New URL for NEMO forge!   http://forge.nemo-ocean.eu

Since March 2022 along with NEMO 4.2 release, the code development moved to a self-hosted GitLab.
This present forge is now archived and remained online for history.
#2492 (Out-of-bounds error in ORCA2-based mono-processor configuration) – NEMO

Opened 4 years ago

Closed 4 years ago

Last modified 2 years ago

#2492 closed Bug (fixed)

Out-of-bounds error in ORCA2-based mono-processor configuration

Reported by: smueller Owned by: smueller
Priority: low Milestone:
Component: ICB Version: v4.0
Severity: minor Keywords: ICB LBC non-MPP v4.0
Cc: smasson, pierre.mathiot@…

Description

Context

A user of an ORCA2-based mono-processor configuration (key_mpp_mpi undefined) has reported an out-of-bounds error which occurs during the north-fold boundary exchange in subroutine lbc_nfd_2d_ext.

Analysis

This out-of-bounds error can readily be reproduced in reference configuration ORCA2_ICE_PISCES by removing CPP-keys key_mpp_mpi and key_iomput.

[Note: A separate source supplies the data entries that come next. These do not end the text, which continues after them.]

(* Let $H$ be a separable Hilbert space, $0<p\le1$, and $T$ a positive bounded operator on $H$. The following are equivalent: (a) $T\in S_p$; (b) $\{\langle Te_n,e_n\rangle\}\in\ell^p$ for some orthonormal basis $\{e_n\}$ of $H$; (c) $\{\langle Tf_n,f_n\rangle\}\in\ell^p$ for some frame $\{f_n\}$ of $H$. Furthermore, $$\|T\|_p^p=\inf\sum_{n=1}^\infty\langle Te_n,e_n\rangle^p=\inf\sum_{n=1}^\infty\|f_n\|^{2(1-p)}\langle Tf_n,f_n\rangle^p=\inf\sum_{n=1}^\infty\langle Tf_n,f_n\rangle^p,$$ where the first infimum is over all orthonormal bases, the second over all frames with lower frame bound at least $1$, and the third over all Parseval frames. (Terms with $f_n=0$ are taken to be $0$.)
   Context: A sequence $\{f_n\}$ in $H$ is a frame if there are constants $0<C_1\le C_2$ such that $C_1\|f\|^2\le\sum_n|\langle f,f_n\rangle|^2\le C_2\|f\|^2$ for all $f\in H$. The upper frame bound is the infimum of all admissible $C_2$. The lower frame bound is the supremum of all admissible $C_1$. A Parseval frame is one whose lower and upper frame bounds both equal $1$. For a compact operator $T$, its singular values $\lambda_1\ge\lambda_2\ge\cdots$ are the positive eigenvalues of $(T^*T)^{1/2}$, repeated according to multiplicity. For $0<p<\infty$, $S_p$ is the set of compact $T$ with $\{\lambda_n\}\in\ell^p$, and $\|T\|_p=(\sum_n\lambda_n^p)^{1/p}$. *)

From Stdlib Require Import Reals Lra Arith.
Open Scope R_scope.

Record C := mkC { Re : R; Im : R }.
Definition C0 : C := mkC 0 0.
Definition C1 : C := mkC 1 0.
Definition RtoC (r : R) : C := mkC r 0.
Definition Cadd (z w : C) : C := mkC (Re z + Re w) (Im z + Im w).
Definition Cmul (z w : C) : C :=
  mkC (Re z * Re w - Im z * Im w) (Re z * Im w + Im z * Re w).
Definition Cconj (z : C) : C := mkC (Re z) (- Im z).
Definition Cnorm2 (z : C) : R := Re z * Re z + Im z * Im z.
Lemma single_copy_branch_le (M : 'I_n -> 'M[C]_2) c :
  proportional (prodop M psi) (vscale c psi1) ->
  vnorm2 (prodop M psi) <= vnorm2 psi1 * vnorm2 (prodop M (ket (cfg_at j a))).
Proof.
case=> c' Mpsi; rewrite Mpsi vscaleA vnorm2Z.
have [->|cc0] := eqVneq (c' * c) 0.
  by rewrite cabs2_ofR expr0n mul0r mulr_ge0 ?vnorm2_ge0.
by rewrite mulrC (single_copy_cabs2 (M := M) cc0) // Mpsi vscaleA.
Qed.

Lemma single_copy_norm_gt0 : 0 < vnorm2 psi1.
Proof.
apply: lt_le_trans (vnorm2_prodop_at_ge _ _ gram_h (fun k => proj1 (andP (D_bounds k)))).
by rewrite psi_normed mulr1.
Qed.

Lemma single_copy_max_sep_prob :
  is_max_sep_prob psi (vscale (ofR (Num.sqrt (vnorm2 psi1))^-1) psi1)
    (Num.sqrt (vnorm2 psi1) ^+ 2).
Proof.
have psi1_gt0 := single_copy_norm_gt0; set n1 := Num.sqrt _.
have n1E : n1 ^+ 2 = vnorm2 psi1 by rewrite sqr_sqrtr // ltW.
have n10 : n1 != 0 by rewrite sqrtr_eq0 -ltNge.
rewrite n1E; apply: is_max_sep_probP => [K q sepK succK|].
  have g_ge0 M : 0 <= vnorm2 psi1 * vnorm2 (prodop M (ket (cfg_at j a))).
    by rewrite mulr_ge0 ?vnorm2_ge0.
  apply: le_trans (success_prob_le g_ge0 (fun M => @single_copy_branch_le M _) succK) _.
  rewrite -mulr_sumr ler_piMr ?vnorm2_ge0 //.
  by rewrite -(vnorm2_ket R (cfg_at j a)); apply: sepK.
exists [:: at_party j h].
  move=> v; rewrite big_seq1 (vnorm2_prodop_at _ _ gram_h) /vnorm2.
  apply: ler_sum => y _; rewrite ler_piMl ?cabs2_ge0 //.
  by case/andP: (D_bounds (y j)).
exists [:: true]; split => //; split.
  case=> // _; split => // _; exists (ofR n1).
  by rewrite vscaleA -ofRM mulfV // vscale1.
by rewrite !big_seq1.
Qed.

End SingleCopy.

End SuccessProbability.

Lemma gt0_1Dsqr (F : realFieldType) (x : F) : 0 < 1 + x ^+ 2.
Proof. by rewrite ltr_pwDl // sqr_ge0. Qed.

Lemma ltr_2div_1Dsqr (F : realFieldType) (x N : F) :
  0 < N -> x ^+ 2 < 1 -> N < 2 / (1 + x ^+ 2) * N.
Proof.
move=> N_gt0 x2_lt1; rewrite ltr_pMl // ltr_pdivlMr ?mul1r; first lra.
exact: gt0_1Dsqr.
Qed.

Section TwoCopyTransformation.
Variable R : realType.
Local Notation C := R[i].

Variables (n : nat) (j : 'I_n) (psi : vec R n 2) (eps : R) (h1 h2 : 'M[C]_2).
Variables e1 e2 : 'I_2 -> R.
Hypothesis psi2_stab : stabilizer_is_swap (twocopy psi psi).
Hypotheses (h1U : h1 \in unitmx) (h2U : h2 \in unitmx).
Hypothesis gram_h1 : adj h1 *m h1 = diag_mx (\row_k ofR (e1 k)).
Hypothesis gram_h2 : adj h2 *m h2 = diag_mx (\row_k ofR (e2 k)).
Hypotheses (e10 : e1 0 = 1) (e11 : e1 1 = eps) (e20 : e2 0 = eps) (e21 : e2 1 = 1).

Local Notation src := (twocopy psi psi).
Local Notation G := (at_party j (h1 *t h2)).
Local Notation NN := (vnorm2 (prodop G src)).
Local Notation e a := (ket (cfg_at j a)).
Local Notation T M a b := (vnorm2 (prodop M (twocopy (e a) (e b)))).

Lemma vnorm2_prodop_tens_ket a b : T G a b = e1 a * e2 b.
Proof.
by rewrite -twocopy_prodop_at vnorm2_twocopy (vnorm2_prodop_at_ket _ _ gram_h1)
  (vnorm2_prodop_at_ket _ _ gram_h2).
Qed.

Lemma two_copy_cabs2 (M : 'I_n -> 'M[C]_4) c :
  c != 0 -> prodop M src = vscale c (prodop G src) ->
  cabs2 c * (1 + eps ^+ 2) = T M 0 1 + T M 1 0.
Proof.
move=> c0 Msrc; have GU i : G i \in unitmx by rewrite at_party_unit // tensmx_unit.
case: (proportional_prodop_cases psi2_stab j c0 GU Msrc) => Mv; rewrite !Mv
  ?prodop_swap_twocopy !vnorm2Z !vnorm2_prodop_tens_ket e10 e11 e20 e21; ring.
Qed.

Lemma two_copy_branch_le (M : 'I_n -> 'M[C]_4) t :
  proportional (prodop M src) (vscale t (prodop G src)) ->
  vnorm2 (prodop M src) <= NN / (1 + eps ^+ 2) * (T M 0 1 + T M 1 0).
Proof.
case=> c Msrc; rewrite Msrc vscaleA vnorm2Z.
have [->|ct0] := eqVneq (c * t) 0.
  by rewrite cabs2_ofR expr0n mul0r mulr_ge0 ?addr_ge0 ?divr_ge0 ?vnorm2_ge0 ?ltW ?gt0_1Dsqr.
rewrite -(two_copy_cabs2 ct0); last by rewrite Msrc vscaleA.
rewrite [X in _ <= X](_ : _ = cabs2 (c * t) * NN) //.
by field; rewrite gt_eqF ?gt0_1Dsqr.
Qed.

Lemma two_copy_sep_prob_le (K : kraus R n 4) t q :
  separable_op K -> success_prob K src (vscale t (prodop G src)) q ->
  q <= 2 / (1 + eps ^+ 2) * NN.
Proof.
move=> sepK succK.
have g_ge0 M : 0 <= NN / (1 + eps ^+ 2) * (T M 0 1 + T M 1 0).
  by rewrite mulr_ge0 ?addr_ge0 ?divr_ge0 ?vnorm2_ge0 // ltW ?gt0_1Dsqr.
apply: le_trans (success_prob_le g_ge0 (fun M => @two_copy_branch_le M t) succK) _.
have sum_T a b : \sum_(M <- K) T M a b <= 1.
  by have := sepK (twocopy (e a) (e b)); rewrite vnorm2_twocopy !vnorm2_ket mulr1.
rewrite -mulr_sumr big_split /= (_ : 2 / _ * NN = NN / (1 + eps ^+ 2) * (1 + 1)); last by ring.
by rewrite ler_wpM2l ?lerD // divr_ge0 ?vnorm2_ge0 ?ltW ?gt0_1Dsqr.
Qed.

Definition filter4 : 'M[C]_4 := ofR (Num.sqrt (1 + eps ^+ 2)^-1) *: (h1 *t h2).

Definition filter4_weight (k : 'I_4) : R := (1 + eps ^+ 2)^-1 * (e1 (hi4 k) * e2 (lo4 k)).

Lemma gram_filter4 : adj filter4 *m filter4 = diag_mx (\row_k ofR (filter4_weight k)).
Proof.
have inv_gt0 : 0 < (1 + eps ^+ 2)^-1 by rewrite invr_gt0 gt0_1Dsqr.
rewrite /filter4 adjmxZ adj_tens -scalemxAl -scalemxAr.
rewrite tensmx_mul4 gram_h1 gram_h2 scalerA conj_ofR -ofRM -expr2 sqr_sqrtr ?ltW //.
apply/matrixP => k l; rewrite mxE tensE !mxE -[l in k == l]combK eq_comb /filter4_weight.
by case: (hi4 k == hi4 l); case: (lo4 k == lo4 l);
  rewrite /= ?mulr0n ?mulr1n ?ofRM ?mul0r ?mulr0.
Qed.

Lemma filter4_weight_swap_le1 k : filter4_weight k + filter4_weight (sw4 k) <= 1.
Proof.
rewrite /filter4_weight hi4_sw lo4_sw -mulrDr mulrC.
rewrite -ler_pdivlMr ?invr_gt0 ?gt0_1Dsqr // invrK mul1r.
have bit (x : 'I_2) : x = 0 \/ x = 1 by case: x => [[|[|x]] // ?]; [left|right]; apply: val_inj.
move: (sqr_ge0 (eps - 1)); rewrite !expr2.
by case: (bit (hi4 k)) => ->; case: (bit (lo4 k)) => ->;
  rewrite ?e10 ?e11 ?e20 ?e21 ?mul1r ?mulr1; nra.
Qed.

Fixpoint swap_rounds (l : seq 'I_n) : locc R n 4 :=
  if l is i :: l' then @LRound R n 4 i 1 (fun _ => swap4 R) (fun _ => swap_rounds l')
  else @LStop R n 4.

Lemma branches_swap_rounds l : uniq l ->
  branches (swap_rounds l) = [:: fun i => if i \in l then swap4 R else 1%:M].
Proof.
elim: l => [_|i l IH /andP [il ul]] /=.
  by congr [:: _]; apply: functional_extensionality.
rewrite IH // enum_ordSl enum_ord0 /=; congr [:: _]; apply: functional_extensionality => i'.
rewrite in_cons /at_party; case: eqP => [->|_] /=; first by rewrite (negbTE il) mul1mx.
by rewrite mulmx1.
Qed.

Lemma swap_rounds_ok l : locc_ok (swap_rounds l).
Proof. by elim: l => //= i l IH; split => // v; rewrite big_ord1 cvnorm2_swap4. Qed.

Definition other_parties := [seq i <- enum 'I_n | i != j].

Definition two_copy_protocol : locc R n 4 :=
  @LRound R n 4 j 2 (fun k => if k == 0 then filter4 else filter4 *m swap4 R)
    (fun k => if k == 0 then @LStop R n 4 else swap_rounds other_parties).

Lemma prodop_branches_two_copy_protocol :
  map (@prodop R n 4) (branches two_copy_protocol) =
  [:: prodop (at_party j filter4);
      fun v => prodop (at_party j filter4) (prodop (fun _ => swap4 R) v)].
Proof.
rewrite /= !enum_ordSl enum_ord0 /= branches_swap_rounds; last first.
  by rewrite filter_uniq ?enum_uniq.
congr [:: _; _]; first by apply: (@eq_prodop R n 4) => i; rewrite mul1mx.
apply: (@functional_extensionality (vec R n 4)) => v; rewrite prodopM; congr prodop.
apply: functional_extensionality => i; rewrite mem_filter mem_enum andbT /at_party.
by case: (i == j); rewrite /= ?mulmx1 ?mul1mx.
Qed.

Lemma two_copy_protocol_ok : locc_ok two_copy_protocol.
Proof.
split; last by move=> k; case: (k == 0) => //; apply: swap_rounds_ok.
move=> v; rewrite !big_ord_recl big_ord0 addr0 /= -mulmxA !(cvnorm2_mul_diag _ gram_filter4).
under [X in _ + X]eq_bigr do rewrite swap4_mul_col.
rewrite [X in _ + X](reindex_inj (inv_inj sw4K)) /=.
under [X in _ + X]eq_bigr do rewrite sw4K.
rewrite -big_split /cvnorm2; apply: ler_sum => k _.
by rewrite /= -mulrDl ler_piMl ?cabs2_ge0 ?filter4_weight_swap_le1.
Qed.

Lemma two_copy_protocol_separable : separable_op (branches two_copy_protocol).
Proof.
move=> v; rewrite -(big_map (@prodop R n 4) xpredT (fun f => vnorm2 (f v))).
rewrite prodop_branches_two_copy_protocol big_cons big_seq1 /=.
rewrite !(vnorm2_prodop_at _ _ gram_filter4).
under [X in _ + X]eq_bigr do rewrite prodop_swapE.
rewrite [X in _ + X](reindex_inj (inv_inj (@swfK n))) /=.
under [X in _ + X]eq_bigr do rewrite swfK ffunE.
rewrite -big_split /vnorm2; apply: ler_sum => y _.
by rewrite /= -mulrDl ler_piMl ?cabs2_ge0 ?filter4_weight_swap_le1.
Qed.

Lemma two_copy_protocol_success t : t != 0 ->
  success_prob (branches two_copy_protocol) src (vscale t (prodop G src))
    (2 / (1 + eps ^+ 2) * NN).
Proof.
move=> t0; set s := Num.sqrt (1 + eps ^+ 2)^-1.
have filter_src : prodop (at_party j filter4) src = vscale (ofR s) (prodop G src).
  exact: prodop_atZ.
have := prodop_branches_two_copy_protocol.
case: (branches _) => [|B0 [|B1 []]] //= [E0 E1].
exists [:: true; true]; split => //; split.
  case=> [|[|k]] // _; split => // _; exists (ofR s / t); rewrite vscaleA divfK //.
    by rewrite E0.
  by rewrite E1 prodop_swap_twocopy.
rewrite /= big_cons big_seq1 E0 E1 prodop_swap_twocopy filter_src vnorm2Z cabs2_ofR.
by rewrite sqr_sqrtr ?invr_ge0 ?addr_ge0 ?sqr_ge0 //; ring.
Qed.

Lemma two_copy_max_sep_prob t : t != 0 ->
  is_max_sep_prob src (vscale t (prodop G src)) (2 / (1 + eps ^+ 2) * NN).
Proof.
move=> t0; apply: is_max_sep_probP => [K q|]; first exact: two_copy_sep_prob_le.
exists (branches two_copy_protocol); first exact: two_copy_protocol_separable.
exact: two_copy_protocol_success.
Qed.

Lemma two_copy_locc t : t != 0 ->
  exists P : locc R n 4, locc_ok P /\
    success_prob (branches P) src (vscale t (prodop G src)) (2 / (1 + eps ^+ 2) * NN).
Proof.
move=> t0; exists two_copy_protocol; split; first exact: two_copy_protocol_ok.
exact: two_copy_protocol_success.
Qed.

End TwoCopyTransformation.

The error is caused by the initialisation of array tmask_e(0:jpi+1,0:jpj+1) in subroutine icb_init; it is absent when iceberg handling is disabled (ln_icebergs = .FALSE.). The initialisation of tmask_e is finalised by calling subroutine mpp_lnk_2d_icb (interface lbc_lnk_icb), which differs in the north-fold treatment depending on whether jpni is 1 (incl. mono-processor case) or greater: if jpni = 1, subroutine lbc_nfd_2d_ext (implemented in source:/NEMO/releases/r4.0/r4.0-HEAD/src/OCE/LBC/lbc_nfd_ext_generic.h90) is called. Of array tmask_e(0:jpi+1,0:jpj+1), the subset tmask_e(1:jpi,1:jpj+1) is passed to subroutine lbc_nfd_2d_ext by subroutine mpp_lnk_2d_icb. While subroutine lbc_nfd_2d_ext refers to this subset as ptab(1:jpi,0:jpj), it accesses array elements with a dimension-2 subscript of nlcj+1. Since jpj == nlcj, this results in out-of-bounds array access and potentially incorrect content of the array.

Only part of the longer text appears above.